Collected data
(* Let $K$ be a field, $c\in K\setminus\{0\}$, $n\ge1$, let $f$ be a $c$-frieze of order $n$ over $K$, and put $s=f(0,n)$, $t=f(1,n+1)$. Then for every integer $k$ with $-1\le k\le n+2$ and every $i\in\mathbb{Z}$: (a) $f(2i,2i+k-1)=\dfrac{(-c)^k}{t}f(2i+k+1,2i+n+1)$; (b) $f(2i+1,2i+k)=\dfrac{(-c)^k}{s}f(2i+k+2,2i+n+2)$.
   Context: The $c$-continuant polynomials $P_k=P_k^c$ ($k\ge-1$) are defined by $P_{-1}=0$, $P_0=1$, and for $k\ge1$, $P_k(x_1,\dots,x_k)=x_kP_{k-1}(x_1,\dots,x_{k-1})+cP_{k-2}(x_1,\dots,x_{k-2})$. A family $(x_i)_{i\in\mathbb{Z}}$ in $K$ is $n$-admissible if $P_{n+2}(x_i,\dots,x_{i+n+1})=0$ for all $i$. Let $\mathbb{B}_n=\{(i,j)\in\mathbb{Z}^2:-2\le j-i\le n+1\}$. A $c$-frieze of order $n$ is a function $f:\mathbb{B}_n\to K$ for which there is an $n$-admissible family $(x_i)$ with $f(i,j)=P_{j-i+1}(x_i,\dots,x_j)$ for all $(i,j)\in\mathbb{B}_n$. Row $k$ of $f$ consists of the values $f(i,i+k-1)$; the lemma relates row $k$ to row $n-k+1$. It is known that $st=(-c)^{n+1}$, so $s,t\neq0$. *)

From HB Require Import structures.
From mathcomp Require Import all_boot all_order all_algebra.
Set Implicit Arguments. Unset Strict Implicit. Unset Printing Implicit Defensive.
Import Order.TTheory GRing.Theory Num.Theory.
Local Open Scope ring_scope.

(* cont c x i k = P_k^c(x_i, x_{i+1}, ..., x_{i+k-1})  for k : nat *)
Fixpoint cont (K : fieldType) (c : K) (x : int -> K) (i : int) (k : nat) : K :=
  match k with
  | 0%N => 1
  | 1%N => x i
  | (k'.+1 as k1).+1 => x (i + k1%:Z) * cont c x i k1 + c * cont c x i k'
  end.

(* contZ c x i m = P_m^c(x_i, ..., x_{i+m-1}) for m : int, m >= -1,
   with P_{-1} = 0 (value 0 also for m < -1, never used). *)
Definition contZ (K : fieldType) (c : K) (x : int -> K) (i : int) (m : int) : K :=
  match m with
  | Posz k => cont c x i k
  | Negz _ => 0
  end.

Definition admissible (K : fieldType) (c : K) (n : nat) (x : int -> K) : Prop :=
  forall i : int, cont c x i n.+2 = 0.

Definition inB (n : nat) (i j : int) : bool :=
  (-2 <= j - i) && (j - i <= n%:Z + 1).

Definition is_frieze (K : fieldType) (c : K) (n : nat) (f : int -> int -> K) : Prop :=
  exists x : int -> K, admissible c n x /\
    forall i j : int, inB n i j -> f i j = contZ c x i (j - i + 1).

From HB Require Import structures.
From mathcomp Require Import all_boot all_order all_algebra.
From mathcomp Require Import zify ring.
Set Implicit Arguments.
Unset Strict Implicit.
Unset Printing Implicit Defensive.
Import Order.TTheory GRing.Theory Num.Theory.
Local Open Scope ring_scope.

(* Let p(a) = P_{n+1}(x_{a+1}, ..., x_{a+n+1}) be the last nontrivial row of
   the frieze.  Expanding continuants on the right on one side and on the
   left on the other, admissibility (the case m = 0) propagates to the glide
   identity  -c p(a) P_{m-1}(x_a, ...) = (-c)^m P_{n+2-m}(x_{a+m}, ...)  for
   0 <= m <= n+3.  For m = n+2 it reads p(a) p(a-1) = (-c)^{n+1}, so p never
   vanishes and is 2-periodic, whence t = p(2i) and s = p(2i+1). *)

Lemma periodic_int (T : Type) (g : int -> T) (p : int) :
  (forall a, g (a + p) = g a) -> forall a i, g (a + p * i) = g a.
Proof.
move=> gP a; elim/int_rec => [|j IH|j IH]; first by rewrite mulr0 addr0.
  by rewrite -IH -[g (a + p * j)]gP intS; congr g; ring.
by rewrite -IH -(gP (a + p * - j.+1%:Z)) intS; congr g; ring.
Qed.

Section Continuants.
Variables (K : fieldType) (c : K) (x : int -> K).

Lemma cont_recr (k : nat) (i : int) :
  cont c x i k.+2 = x (i + k.+1) * cont c x i k.+1 + c * cont c x i k.
Proof. by []. Qed.

Lemma cont_recl (k : nat) (i : int) :
  cont c x i k.+2 = x i * cont c x (i + 1) k.+1 + c * cont c x (i + 2) k.
Proof.
elim/ltn_ind: k i => -[|[|k]] IH i; first by rewrite /=; ring.
  by rewrite /= (_ : i + 1 + 1 = i + 2); [ring | lia].
rewrite [LHS]cont_recr (IH k.+1 _ i) // (IH k _ i) // [cont _ _ (i + 1) k.+3]cont_recr.
rewrite [cont _ _ (i + 2) k.+2]cont_recr.
rewrite (_ : i + 1 + k.+2%:Z = i + k.+3%:Z); last by lia.
rewrite (_ : i + 2 + k.+1%:Z = i + k.+3%:Z); last by lia.
ring.
Qed.

Lemma contZ_nat (i : int) (k : nat) : contZ c x i k = cont c x i k.
Proof. by []. Qed.

Lemma contZ_recr (i : int) (m : nat) :
  contZ c x i m.+1 = x (i + m) * contZ c x i m + c * contZ c x i (m%:Z - 1).
Proof.
case: m => [|m]; first by rewrite /= addr0; ring.
by rewrite (_ : m.+1%:Z - 1 = m); last lia.
Qed.

Lemma contZ_recl (i : int) (m : nat) :
  contZ c x i m.+1 = x i * contZ c x (i + 1) m + c * contZ c x (i + 2) (m%:Z - 1).
Proof.
case: m => [|m]; first by rewrite /=; ring.
by rewrite (_ : m.+1%:Z - 1 = m); [exact: cont_recl | lia].
Qed.

Variable n : nat.
Hypothesis x_adm : admissible c n x.

Definition last_row (a : int) : K := cont c x (a + 1) n.+1.

Lemma last_row_glide (a : int) (m : nat) : (m <= n.+3)%N ->
  - c * last_row a * contZ c x a (m%:Z - 1)
  = (- c) ^+ m * contZ c x (a + m%:Z) (n%:Z + 2 - m%:Z).
Proof.
elim/ltn_ind: m => -[|[|m]] IH lemn.
- rewrite /= mulr0 mul1r addr0 (_ : (n + (1 + 1))%N = n.+2); last lia.
  by rewrite addn0 x_adm.
- by rewrite /= (_ : n%:Z + 2 - 1 = n.+1); [rewrite expr1 mulr1 | lia].
have IH1 := IH m.+1 (ltnSn _) (ltnW lemn).
have IH0 := IH m (ltnW (ltnSn _)) (ltnW (ltnW lemn)).
rewrite (_ : m.+1%:Z - 1 = m) in IH1; last by lia.
rewrite (_ : m.+2%:Z - 1 = m.+1); last by lia.
rewrite contZ_recr.
have -> : - c * last_row a * (x (a + m%:Z) * contZ c x a m + c * contZ c x a (m%:Z - 1))
  = x (a + m%:Z) * (- c * last_row a * contZ c x a m)
    + c * (- c * last_row a * contZ c x a (m%:Z - 1)) by ring.
rewrite IH1 IH0 (_ : n%:Z + 2 - m%:Z = (n.+1 - m)%N.+1); last by lia.
rewrite contZ_recl.
rewrite (_ : (n.+1 - m)%N%:Z = n%:Z + 2 - m.+1%:Z); last by lia.
rewrite (_ : n%:Z + 2 - m.+1%:Z - 1 = n%:Z + 2 - m.+2%:Z); last by lia.
rewrite (_ : a + m%:Z + 1 = a + m.+1%:Z); last by lia.
rewrite (_ : a + m%:Z + 2 = a + m.+2%:Z); last by lia.
rewrite !exprS; ring.
Qed.

Variable f : int -> int -> K.
Hypothesis f_cont : forall i j : int, inB n i j -> f i j = contZ c x i (j - i + 1).

Lemma frieze_last_row (i j : int) : j - i = n%:Z -> f i j = last_row (i - 1).
Proof.
move=> ji; rewrite f_cont; last by rewrite /inB; lia.
rewrite ji (_ : n%:Z + 1 = n.+1%:Z); last by lia.
by rewrite contZ_nat /last_row subrK.
Qed.

Hypothesis c_neq0 : c != 0.

Lemma oppc_neq0 : - c != 0.
Proof. by rewrite oppr_eq0. Qed.

Lemma last_row_mul_pred (a : int) : last_row a * last_row (a - 1) = (- c) ^+ n.+1.
Proof.
have := @last_row_glide a n.+2 (leqnSn n.+2).
rewrite (_ : n.+2%:Z - 1 = n.+1); last by lia.
rewrite (_ : n%:Z + 2 - n.+2%:Z = 0); last by lia.
rewrite !contZ_nat mulr1 (_ : cont c x a n.+1 = last_row (a - 1)); last by congr cont; lia.
by rewrite exprS -mulrA => /(mulfI oppc_neq0).
Qed.

Lemma last_row_neq0 (a : int) : last_row a != 0.
Proof.
have : (- c) ^+ n.+1 != 0 by rewrite expf_neq0 // oppc_neq0.
by rewrite -(last_row_mul_pred a); apply: contra_neq => ->; rewrite mul0r.
Qed.

Lemma last_row_shift2 (a : int) : last_row (a + 2) = last_row a.
Proof.
have := last_row_mul_pred (a + 2); have := last_row_mul_pred (a + 1).
rewrite (_ : a + 2 - 1 = a + 1); last by lia.
rewrite (_ : a + 1 - 1 = a); last by lia.
by rewrite [in X in X -> _]mulrC => <- /(mulIf (last_row_neq0 (a + 1))).
Qed.

Lemma contZ_glide (a k : int) : -1 <= k -> k <= n%:Z + 2 ->
  contZ c x a k = (- c) ^ k / last_row a * contZ c x (a + k + 1) (n%:Z + 1 - k).
Proof.
move=> k_ge k_le; have [m km] : exists m : nat, k = m%:Z - 1.
  by exists (absz (k + 1)); lia.
have /last_row_glide glide : (m <= n.+3)%N by lia.
rewrite {}km.
rewrite (_ : a + (m%:Z - 1) + 1 = a + m%:Z); last by lia.
rewrite (_ : n%:Z + 1 - (m%:Z - 1) = n%:Z + 2 - m%:Z); last by lia.
rewrite expfzDr ?oppc_neq0 // exprN1 -exprnP.
apply: (mulfI (mulf_neq0 oppc_neq0 (last_row_neq0 a))).
rewrite glide; field.
by rewrite last_row_neq0 oppc_neq0.
Qed.

Lemma last_row_2periodic (a i : int) : last_row (a + 2 * i) = last_row a.
Proof. exact: (@periodic_int _ last_row 2 last_row_shift2). Qed.

Lemma frieze_glide (a k : int) : -1 <= k -> k <= n%:Z + 2 ->
  f a (a + k - 1) = (- c) ^ k / last_row a * f (a + k + 1) (a + n%:Z + 1).
Proof.
move=> k_ge k_le; rewrite !f_cont; try by rewrite /inB; lia.
rewrite (_ : a + k - 1 - a + 1 = k); last by lia.
rewrite (_ : a + n%:Z + 1 - (a + k + 1) + 1 = n%:Z + 1 - k); last by lia.
exact: contZ_glide.
Qed.

End Continuants.

Theorem mainTheorem10 (K : fieldType) (c : K) (n : nat) (f : int -> int -> K) :
  c != 0 -> (1 <= n)%N -> is_frieze c n f ->
  let s := f 0 n%:Z in
  let t := f 1 (n%:Z + 1) in
  forall (k i : int), -1 <= k -> k <= n%:Z + 2 ->
    f (2 * i) (2 * i + k - 1) = (- c) ^ k / t * f (2 * i + k + 1) (2 * i + n%:Z + 1)
    /\ f (2 * i + 1) (2 * i + k) = (- c) ^ k / s * f (2 * i + k + 2) (2 * i + n%:Z + 2).
Proof.
move=> c_neq0 _ [x [x_adm f_cont]] s t k i k_ge k_le.
have t_eq : t = last_row c x n (2 * i).
  rewrite /t (frieze_last_row f_cont); last by lia.
  by rewrite subrr -(last_row_2periodic x_adm c_neq0 0 i) add0r.
have s_eq : s = last_row c x n (2 * i + 1).
  rewrite /s (frieze_last_row f_cont); last by lia.
  by rewrite -(last_row_2periodic x_adm c_neq0 _ (i + 1)); congr last_row; lia.
rewrite t_eq s_eq; split; first exact: frieze_glide.
rewrite (_ : 2 * i + k + 2 = 2 * i + 1 + k + 1); last by lia.
rewrite (_ : 2 * i + n%:Z + 2 = 2 * i + 1 + n%:Z + 1); last by lia.
rewrite (_ : 2 * i + k = 2 * i + 1 + k - 1); last by lia.
exact: frieze_glide.
Qed.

• [AIM OF THE EXERCISE]: Write down, word for word, the lines above from the one containing "(* Let p(a)" through the one containing "vanishes and is", both ends included.

• [RESULT]:
(* Let p(a) = P_{n+1}(x_{a+1}, ..., x_{a+n+1}) be the last nontrivial row of
   the frieze.  Expanding continuants on the right on one side and on the
   left on the other, admissibility (the case m = 0) propagates to the glide
   identity  -c p(a) P_{m-1}(x_a, ...) = (-c)^m P_{n+2-m}(x_{a+m}, ...)  for
   0 <= m <= n+3.  For m = n+2 it reads p(a) p(a-1) = (-c)^{n+1}, so p never
   vanishes and is 2-periodic, whence t = p(2i) and s = p(2i+1). *)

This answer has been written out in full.